The Strike Series have gamebreaking glitches that really make the game fun.

No escape and drive through some walls, bridges, etc.

Drive Through obstacles 

(Requires Hovercraft, Police Motorcycle, or G.A.V.)
1. you can go through fences if you bump into the very corner, you can also go through the bridge in stage 2 (Jungle Strike, but the bridge area where you are going through must be destroyed also you can go through the bridge in the Comanche however you better have entered a code that gives you 10 or 23 lives or you are screwed since 3 lives won't cut it in a stagewide Danger Zone.  This glitch works in Missions 2 and 5 in Jungle Strike and Mission 4 of Urban Strike

No escape

2. You can get caught in between two buildings unable to escape (this is more evident in Urban Strike when using the GAV on the 2nd Mexico Stage)

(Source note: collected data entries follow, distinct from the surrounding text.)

(* Let $n\ge3$ and $0<q<1$. For every relationship network $G$ on $V$ satisfying structural balance, the duples mechanism selects a needy agent with probability $$P_D(G)\ \ge\ q+q(1-q)\,\frac{3n-8}{8(n-1)}.$$
   Context: A relationship network $G$ on $V=\{1,\dots,n\}$ assigns to every unordered pair of distinct agents exactly one of the symmetric relations friends, enemies, impartial; $F_j,E_j,I_j$ are the friends, enemies, impartials of $j$. Structural balance: for all pairwise distinct $i,j,k$: $j\in F_i,k\in F_j\Rightarrow k\in F_i$; $j\in E_i,k\in E_j\Rightarrow k\in F_i$; $j\in E_i,k\in F_j\Rightarrow k\in E_i$. Each agent is needy independently with probability $q$; $N$ is the random needy set; every agent $j$ reports truthfully $(N,F_j,E_j)$. Duples mechanism $g^D$: for agent $l$ and $j\ne l$, $\mathrm{lev}_l(j)=1,\dots,6$ according as $j\in F_l\cap N$, $F_l\setminus N$, $I_l\cap N$, $I_l\setminus N$, $E_l\cap N$, $E_l\setminus N$. For distinct $j,k$, agent $l\notin\{j,k\}$ votes for $j$ against $k$ if $\mathrm{lev}_l(j)<\mathrm{lev}_l(k)$ (abstains if equal); $x_{jk}$ counts these votes. $g^D_j(\{j,k\})=1,\tfrac12,0$ as $x_{jk}>,=,<x_{kj}$, $g^D_k(\{j,k\})=1-g^D_j(\{j,k\})$, and $g^D_i=\frac{2}{n(n-1)}\sum_{j\ne i}g^D_i(\{i,j\})$. $P_D(G)=\mathbb E[\sum_{i\in N}g^D_i]$ under truthful reports. *)

From HB Require Import structures.
From mathcomp Require Import all_boot all_order all_algebra.
Set Implicit Arguments. Unset Strict Implicit. Unset Printing Implicit Defensive.
Import Order.TTheory GRing.Theory Num.Theory.

Inductive relation3 := Friends | Enemies | Impartial.

(* A relationship network on V = 'I_n : the relation of the unordered pair
   {i,j} (i <> j); diagonal values are irrelevant. *)
Definition network (n : nat) := 'I_n -> 'I_n -> relation3.

Definition symmetric_network n (G : network n) : Prop :=
  forall i j : 'I_n, i != j -> G i j = G j i.

Definition structurally_balanced n (G : network n) : Prop :=
  forall i j k : 'I_n, i != j -> j != k -> i != k ->
    [/\ (G i j = Friends -> G j k = Friends -> G i k = Friends),
        (G i j = Enemies -> G j k = Enemies -> G i k = Friends) &
        (G i j = Enemies -> G j k = Friends -> G i k = Enemies)].

Definition lev n (G : network n) (N : {set 'I_n}) (l j : 'I_n) : nat :=
  match G l j with
  | Friends => if j \in N then 1 else 2
  | Impartial => if j \in N then 3 else 4
  | Enemies => if j \in N then 5 else 6
  end.

Definition votes n (G : network n) (N : {set 'I_n}) (j k : 'I_n) : nat :=
  #|[set l : 'I_n | (l != j) && (l != k) && (lev G N l j < lev G N l k)%N]|.

Local Open Scope ring_scope.

Definition gpair (R : fieldType) n (G : network n) (N : {set 'I_n}) (j k : 'I_n) : R :=
  let a := votes G N j k in let b := votes G N k j in
  if (b < a)%N then 1 else if a == b then 2^-1 else 0.

Definition gD (R : fieldType) n (G : network n) (N : {set 'I_n}) (i : 'I_n) : R :=
  (2 / (n%:R * (n%:R - 1))) * \sum_(j : 'I_n | j != i) gpair R G N i j.

Definition probN (R : fieldType) n (q : R) (N : {set 'I_n}) : R :=
  q ^+ #|N| * (1 - q) ^+ (n - #|N|).

(* P_D(G) = E[ sum_{i in N} g^D_i ] under truthful reports. *)
Definition PD (R : fieldType) n (q : R) (G : network n) : R :=
  \sum_(N : {set 'I_n}) probN q N * \sum_(i in N) gD R G N i.

From HB Require Import structures.
From mathcomp Require Import all_boot all_order all_algebra.
From mathcomp Require Import zify ring lra.
Import Order.TTheory GRing.Theory Num.Theory.
Set Implicit Arguments. Unset Strict Implicit. Unset Printing Implicit Defensive.

(* Averaging over the needy set, the duple {i, j} contributes q^2 when both agents
   are needy (its two shares sum to 1) and q(1-q) times the shares of the needy agent
   when exactly one is needy.  In the latter case the needy agent i wins unless at
   least half of the other agents strictly prefer j by relation alone; call such a
   pair lopsided.  Hence P_D(G) >= q + q(1-q)(1 - B/(n(n-1))), where B is the
   number of ordered lopsided pairs, and it suffices to show 8B <= 5n^2.
   Under structural balance friends are never lopsided, no three pairwise impartial
   agents form a lopsided triangle, and a lopsided pair of enemies forces a friend
   clique of size >= n/2.  So the lopsided graph is triangle-free either everywhere
   or outside one clique of size c >= n/2, and Mantel's theorem bounds B by
   n^2/2, respectively by 2c(n-c) + (n-c)^2/2; both are at most 5n^2/8. *)

Lemma sum_nat_Cauchy (T : finType) (A : {pred T}) (f : T -> nat) :
  ((\sum_(x in A) f x) ^ 2 <= #|A| * \sum_(x in A) f x ^ 2)%N.
Proof.
have AMGM : (\sum_(x in A) \sum_(y in A) 2 * (f x * f y)
             <= \sum_(x in A) \sum_(y in A) (f x ^ 2 + f y ^ 2))%N.
  by do 2!apply: leq_sum => ? _; exact: (nat_Cauchy _ _).1.
have sum_prod : (\sum_(x in A) \sum_(y in A) 2 * (f x * f y)
                 = 2 * (\sum_(x in A) f x) ^ 2)%N.
  rewrite -mulnn mulnA big_distrr /=; apply: eq_bigr => x _.
  by rewrite -!big_distrr /= mulnA mulnAC.
have sum_sqr : (\sum_(x in A) \sum_(y in A) (f x ^ 2 + f y ^ 2)
                = 2 * (#|A| * \sum_(x in A) f x ^ 2))%N.
  under eq_bigr do rewrite big_split /=.
  by rewrite big_split /= exchange_big /= !sum_nat_const addnn -mul2n.
by move: AMGM; rewrite sum_prod sum_sqr leq_mul2l.
Qed.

Bonus: Walk Through Walls in Alcatraz (Urban Strike)

Two ways of doing this

1. Finding a corner where a locked gate is, don't destroy the lock mechanism and you can go through to the other side (you will have to maneuver to get there and it may take several tries but you'll eventually go through), also some areas of the prison like at the end of the screen have the same walk through walls glitch.

2. When you get to the top mechanism walk around to the right, avoid destroying the gate and you can walk through directly to the lock.

*Soviet Strike (PS/PSN)

Unlimited fail (requires infinite ammo and lives in-game password)

1. Equip Fuel Pods
2. Play normally
3. You'll die eventually
4 Once you die hold triangle or whatever your special weapon is assigned to on your PS controller
5. Drop the pods once you respawn (This has a 70% chance of working), you should have no pods left.

*It works better when you lose 8+ lives


----------



## Blaze163 (Jul 27, 2010)

Didn't I make this topic myself a couple of days ago...? 
	

	
	
		
		

		
			





Yeah, check out my topic for my recommendations, I'm far too bone idle to list them all again.


----------